[GIVEN DATA]
(* Let $T$ be a tree of order $n$ and dissociation number $\psi$. If $v$ is a leaf of $T$ such that $\psi(T-v)=\psi(T)$, then $\Phi_{\overline{v}}(T)\le \min\{\Phi_v^0(T),\Phi_v^1(T)\}$ and $\Phi_{\overline{v}}(T)\le \frac{1}{3}\Phi(T)$.
   Context: All graphs are finite, simple and undirected. A dissociation set in a graph $G$ is a vertex subset $F$ such that the induced subgraph $G[F]$ has maximum degree at most $1$; a maximum dissociation set is one of maximum cardinality, and the dissociation number $\psi(G)$ is that cardinality. Let $MD(G)$ be the set of all maximum dissociation sets of $G$ and $\Phi(G)=|MD(G)|$. For a vertex $v$: $\Phi_{\overline{v}}(G)=|\{F\in MD(G): v\notin F\}|$, $\Phi_v^0(G)=|\{F\in MD(G): v\in F,\ d_{G[F]}(v)=0\}|$, $\Phi_v^1(G)=|\{F\in MD(G): v\in F,\ d_{G[F]}(v)=1\}|$. A leaf is a vertex of degree exactly one; $T-v$ denotes $T$ with $v$ deleted. *)

From mathcomp Require Import all_boot all_order.
Set Implicit Arguments. Unset Strict Implicit. Unset Printing Implicit Defensive.

Definition simple_graph (T : finType) (e : rel T) : Prop :=
  symmetric e /\ irreflexive e.

Section Dissoc.
Variables (T : finType) (e : rel T).

Definition nbhd (x : T) : {set T} := [set y | e x y].

Definition deg_in (F : {set T}) (x : T) : nat := #|nbhd x :&: F|.

Definition edges : {set {set T}} := [set [set x; y] | x in T, y in T & e x y].

Definition connected_graph : Prop := forall x y : T, connect e x y.

Definition is_tree : Prop :=
  simple_graph e /\ 0 < #|T| /\ connected_graph /\ #|edges| = #|T| - 1.

Definition leaf (v : T) : bool := #|nbhd v| == 1.

(* dissociation set of the induced subgraph G[S] (S = vertex set of the
   subgraph; S = setT is G itself, S = [set~ v] is G - v) *)
Definition dissoc_in (S F : {set T}) : bool :=
  (F \subset S) && [forall x in F, deg_in F x <= 1].

Definition psi_in (S : {set T}) : nat :=
  \max_(F : {set T} | dissoc_in S F) #|F|.

Definition psi : nat := psi_in setT.

Definition MD : {set {set T}} :=
  [set F | dissoc_in setT F & #|F| == psi].

Definition Phi : nat := #|MD|.
Definition Phi_bar (v : T) : nat := #|[set F in MD | v \notin F]|.
Definition Phi0 (v : T) : nat := #|[set F in MD | (v \in F) && (deg_in F v == 0)]|.
Definition Phi1 (v : T) : nat := #|[set F in MD | (v \in F) && (deg_in F v == 1)]|.
End Dissoc.

From mathcomp Require Import all_boot all_order.
Set Implicit Arguments. Unset Strict Implicit. Unset Printing Implicit Defensive.

(** Let u be the neighbour of the leaf v.  A maximum dissociation set F
   avoiding v contains u, and u has exactly one neighbour w in F: otherwise
   F + v would be a larger dissociation set.  Hence F - u + v and F - w + v
   are maximum dissociation sets in which v has degree 0 and 1 respectively.
   Both maps are injective; for the second, if F1 - w1 = F2 - w2 with
   w1 <> w2, then F1 - u + w2 + v would be a dissociation set larger than
   F1.  Since the sets avoiding v, those with v isolated and those with v of
   degree 1 are disjoint classes of MD, 3 Phi_bar <= Phi follows. *)

Lemma setU1_setD1_eq (T : finType) (x a b : T) (A B : {set T}) :
  x \notin A -> x \notin B -> x |: (A :\ a) = x |: (B :\ b) -> A :\ a = B :\ b.
Proof.
move=> xA xB eqAB.
have xAa : x \notin A :\ a by rewrite !inE (negbTE xA) andbF.
have xBb : x \notin B :\ b by rewrite !inE (negbTE xB) andbF.
by rewrite -(setU1K xAa) -(setU1K xBb) eqAB.
Qed.

Lemma setD_setI1 (T : finType) (w : T) (A B : {set T}) :
  A :&: B = [set w] -> B :\: A = B :\ w.
Proof.
move/setP=> ABw; apply/setP => y; have := ABw y; rewrite !inE.
by case: (y \in B); rewrite ?andbT ?andbF // => ->.
Qed.

Section Dissociation.
Variables (T : finType) (e : rel T).
Hypotheses (e_sym : symmetric e) (e_irr : irreflexive e).

Definition dissociated (F : {set T}) : Prop :=
  forall x y z, x \in F -> y \in F -> z \in F -> e x y -> e x z -> y = z.

Lemma dissociatedP F : dissoc_in e setT F <-> dissociated F.
Proof.
split.
- case/andP=> _ /forall_inP degF x y z xF yF zF exy exz.
  by apply: (card_le1_eqP (degF x xF)); rewrite !inE ?exy ?exz ?yF ?zF.
- move=> disF; rewrite /dissoc_in subsetT; apply/forall_inP => x xF.
  apply/card_le1_eqP => y z; rewrite !inE => /andP[exy yF] /andP[exz zF].
  exact: (disF x).
Qed.

Lemma dissociated_subset (F G : {set T}) :
  F \subset G -> dissociated G -> dissociated F.
Proof. by move=> /subsetP sFG disG x y z /sFG xG /sFG yG /sFG zG; apply: disG. Qed.

Lemma dissociated_setU1 F x :
  dissociated F ->
  (forall y z, y \in F -> z \in F -> e x y -> e x z -> y = z) ->
  (forall y z, y \in F -> z \in F -> e x y -> ~~ e y z) ->
  dissociated (x |: F).
Proof.
move=> disF xnb1 xnb_iso a b c aF bF cF eab eac.
have not_x y : e x y -> y \in x |: F -> y \in F.
  by move=> exy /setU1P[yx|//]; move: exy; rewrite yx e_irr.
case: (eqVneq a x) => [ax|xa].
  by subst a; exact: xnb1 (not_x b eab bF) (not_x c eac cF) eab eac.
have aF' : a \in F by move: aF; rewrite in_setU1 (negbTE xa).
have a_iso y : e a x -> y \in F -> e a y -> False.
  by move=> eax yF eay; move: (xnb_iso a y aF' yF); rewrite e_sym eax eay => /(_ isT).
case/setU1P: bF eab => [-> eax |bF eab]; case/setU1P: cF eac => [-> |cF eac] //.
- by case: (a_iso c eax cF eac).
- by move=> eax; case: (a_iso b eax bF eab).
- exact: (disF a).
Qed.

Lemma nbhd_setI1 u F w : nbhd e u :&: F = [set w] -> e u w /\ w \in F.
Proof.
move=> Nw; have: w \in nbhd e u :&: F by rewrite Nw set11.
by rewrite inE /nbhd inE => /andP[].
Qed.

Lemma card_le_psi F : dissociated F -> #|F| <= psi e.
Proof. by move/dissociatedP=> disF; rewrite /psi /psi_in (leq_bigmax_cond _ disF). Qed.

Lemma MDP F : F \in MD e <-> dissociated F /\ #|F| = psi e.
Proof.
rewrite inE; split; first by case/andP=> /dissociatedP ? /eqP.
by case=> /dissociatedP -> ->; rewrite eqxx.
Qed.

Lemma Phi_classes v : Phi_bar e v + Phi0 e v + Phi1 e v <= Phi e.
Proof.
rewrite /Phi_bar /Phi0 /Phi1 /Phi; set M := MD e.
rewrite -[#|M|]sum1_card -!sum1dep_card !big_mkcondr -!big_split /=.
apply: leq_sum => F _; case: (v \in F); case: (deg_in e F v) => [|[|n]] //.
Qed.

Lemma dissociated_exchange F1 F2 u w1 w2 :
  dissociated F1 -> dissociated F2 -> u \in F1 -> u \in F2 ->
  w1 \in F1 -> e u w1 -> w2 \in F2 -> e u w2 -> F1 :\ w1 = F2 :\ w2 ->
  dissociated (w2 |: (F1 :\ u)).
Proof.
move=> dis1 dis2 uF1 uF2 w1F1 euw1 w2F2 euw2 F12.
have w2_nb y : y \in F1 :\ u -> e w2 y -> y = w1.
  rewrite in_setD1 => /andP[yu yF1] ew2y; case: (eqVneq y w1) => // yw1.
  have /setD1P[_ yF2] : y \in F2 :\ w2 by rewrite -F12 in_setD1 yw1.
  have ew2u : e w2 u by rewrite e_sym.
  by rewrite (dis2 w2 y u) ?eqxx in yu.
apply: dissociated_setU1 => [|y z yF zF ew2y ew2z|y z yF zF ew2y].
- exact: dissociated_subset (subsetDl F1 _) dis1.
- by rewrite (w2_nb y yF ew2y) (w2_nb z zF ew2z).
- rewrite (w2_nb y yF ew2y); apply/negP => ew1z; move: zF; rewrite in_setD1.
  case/andP=> zu zF1; have euw1' : e w1 u by rewrite e_sym.
  by rewrite (dis1 w1 z u) ?eqxx in zu.
Qed.

Section Leaf.
Variables v u : T.
Hypothesis nbhd_v : nbhd e v = [set u].

Lemma adj_leaf y : e v y = (y == u).
Proof. by move/setP/(_ y): nbhd_v; rewrite !inE. Qed.

Lemma leaf_nb_neq : u != v.
Proof. by apply/eqP => uv; move: (adj_leaf v); rewrite e_irr -uv eqxx. Qed.

Lemma deg_in_leaf G : deg_in e G v = (u \in G).
Proof.
rewrite /deg_in nbhd_v; case: (boolP (u \in G)) => uG.
  by apply/eqP/cards1P; exists u; apply/setP => y; rewrite !inE andb_idr // => /eqP->.
apply/eqP; rewrite cards_eq0 -subset0; apply/subsetP => y.
by rewrite !inE => /andP[/eqP-> /(negP uG)].
Qed.

Lemma dissociated_setU1_leaf G :
  dissociated G -> (u \in G -> deg_in e G u = 0) -> dissociated (v |: G).
Proof.
move=> disG uG_iso; apply: dissociated_setU1 => // [y z _ _|y z yG zG].
  by rewrite !adj_leaf => /eqP-> /eqP->.
rewrite adj_leaf => /eqP yu; subst y; apply/negP => euz.
by move/eqP: (uG_iso yG); rewrite cards_eq0 => /eqP/setP/(_ z); rewrite !inE euz zG.
Qed.

Lemma MD_avoiding_leaf F :
  F \in MD e -> v \notin F -> u \in F /\ deg_in e F u = 1.
Proof.
move=> MDF vF; have /MDP[disF cardF] := MDF.
have not_dis : ~ dissociated (v |: F).
  by move/card_le_psi; rewrite cardsU1 vF cardF ltnn.
have uF : u \in F.
  by apply: contra_notT not_dis => uF; apply: dissociated_setU1_leaf => // /(negP uF).
split=> //; move: MDF; rewrite inE => /andP[/andP[_ /forall_inP degF] _].
move: (degF u uF); rewrite leq_eqVlt ltnS leqn0 => /orP[/eqP //|deg0].
by case: not_dis; apply: dissociated_setU1_leaf => // _; apply/eqP.
Qed.

Lemma leaf_swap_MD F x :
  F \in MD e -> v \notin F -> x \in F ->
  (u \in F :\ x -> deg_in e (F :\ x) u = 0) -> v |: (F :\ x) \in MD e.
Proof.
move=> /MDP[disF cardF] vF xF u_iso; apply/MDP; split.
  exact: dissociated_setU1_leaf (dissociated_subset (subsetDl F _) disF) u_iso.
by rewrite cardsU1 in_setD1 (negbTE vF) andbF add1n -cardF (cardsD1 x F) xF.
Qed.

Lemma Phi_bar_le_Phi0 : Phi_bar e v <= Phi0 e v.
Proof.
pose f F := v |: (F :\ u).
have f_inj : {in [set F in MD e | v \notin F] &, injective f}.
  move=> F1 F2 /setIdP[MD1 v1] /setIdP[MD2 v2] /(setU1_setD1_eq v1 v2).
  have [u1 _] := MD_avoiding_leaf MD1 v1; have [u2 _] := MD_avoiding_leaf MD2 v2.
  by move=> F12; rewrite -(setD1K u1) F12 setD1K.
rewrite /Phi_bar /Phi0 -(card_in_imset f_inj); apply: subset_leq_card.
apply/subsetP => _ /imsetP[F /setIdP[MDF vF] ->].
have [uF _] := MD_avoiding_leaf MDF vF.
apply/setIdP; split; first by apply: leaf_swap_MD; rewrite ?in_setD1 ?eqxx.
by rewrite setU11 deg_in_leaf in_setU1 in_setD1 eqxx (negbTE leaf_nb_neq).
Qed.

Lemma MD_leaf_exchange F1 F2 w1 w2 :
  F1 \in MD e -> F2 \in MD e -> v \notin F1 -> v \notin F2 ->
  nbhd e u :&: F1 = [set w1] -> nbhd e u :&: F2 = [set w2] ->
  F1 :\ w1 = F2 :\ w2 -> w1 = w2.
Proof.
move=> MD1 MD2 v1 v2 N1 N2 F12; case: (eqVneq w1 w2) => // w12; exfalso.
have /MDP[dis1 card1] := MD1; have /MDP[dis2 _] := MD2.
have [u1 _] := MD_avoiding_leaf MD1 v1; have [u2 _] := MD_avoiding_leaf MD2 v2.
have [euw1 w1F1] := nbhd_setI1 N1; have [euw2 w2F2] := nbhd_setI1 N2.
have w2F1 : w2 \notin F1.
  apply/negP => w2F1; have : w2 \in F1 :\ w1 by rewrite in_setD1 eq_sym w12.
  by rewrite F12 in_setD1 eqxx.
have uw2 : u != w2 by apply: contraTneq euw2 => <-; rewrite e_irr.
have vw2 : v != w2 by apply: contraNneq v2 => ->.
have disK : dissociated (v |: (w2 |: (F1 :\ u))).
  apply: dissociated_setU1_leaf.
    exact: dissociated_exchange dis1 dis2 u1 u2 w1F1 euw1 w2F2 euw2 F12.
  by rewrite in_setU1 in_setD1 eqxx (negbTE uw2).
have := card_le_psi disK.
rewrite !cardsU1 !in_setU1 !in_setD1 (negbTE vw2) (negbTE v1) (negbTE w2F1) !andbF.
by rewrite -card1 (cardsD1 u F1) u1 !add1n ltnn.
Qed.

Lemma Phi_bar_le_Phi1 : Phi_bar e v <= Phi1 e v.
Proof.
have partner F : F \in MD e -> v \notin F -> exists w, nbhd e u :&: F = [set w].
  by move=> MDF vF; have [_ /eqP/cards1P] := MD_avoiding_leaf MDF vF.
pose f F := v |: (F :\: nbhd e u).
have f_inj : {in [set F in MD e | v \notin F] &, injective f}.
  move=> F1 F2 /setIdP[MD1 v1] /setIdP[MD2 v2].
  have [w1 N1] := partner F1 MD1 v1; have [w2 N2] := partner F2 MD2 v2.
  rewrite /f (setD_setI1 N1) (setD_setI1 N2) => /(setU1_setD1_eq v1 v2) F12.
  have [_ w1F1] := nbhd_setI1 N1; have [_ w2F2] := nbhd_setI1 N2.
  by rewrite -(setD1K w1F1) F12 (MD_leaf_exchange MD1 MD2 v1 v2 N1 N2 F12) setD1K.
rewrite /Phi_bar /Phi1 -(card_in_imset f_inj); apply: subset_leq_card.
apply/subsetP => _ /imsetP[F /setIdP[MDF vF] ->].
have [uF _] := MD_avoiding_leaf MDF vF; have [w Nw] := partner F MDF vF.
have [euw wF] := nbhd_setI1 Nw.
have uw : u != w by apply: contraTneq euw => <-; rewrite e_irr.
rewrite /f (setD_setI1 Nw); apply/setIdP; split.
  by apply: leaf_swap_MD => // _; rewrite /deg_in setIDA Nw setDv cards0.
by rewrite setU11 deg_in_leaf in_setU1 in_setD1 (negbTE leaf_nb_neq) uw uF.
Qed.

End Leaf.
End Dissociation.

Theorem lemma3p1 (T : finType) (e : rel T) (v : T) :
  is_tree e -> leaf e v -> psi_in e [set~ v] = psi e ->
  Phi_bar e v <= minn (Phi0 e v) (Phi1 e v) /\ 3 * Phi_bar e v <= Phi e.
Proof.
move=> [[e_sym e_irr] _] /cards1P[u nbhd_v] _.
have bar0 := Phi_bar_le_Phi0 e_sym e_irr nbhd_v.
have bar1 := Phi_bar_le_Phi1 e_sym e_irr nbhd_v.
split; first by rewrite leq_min bar0 bar1.
apply: leq_trans (Phi_classes e v).
by rewrite mulSn mul2n -addnn addnA !leq_add.
Qed.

[PROBLEM TO SOLVE] Give the number of lines in the material above that have the word "negbTE" in them, and nothing more.

[SOLUTION TO THIS EXERCISE] 8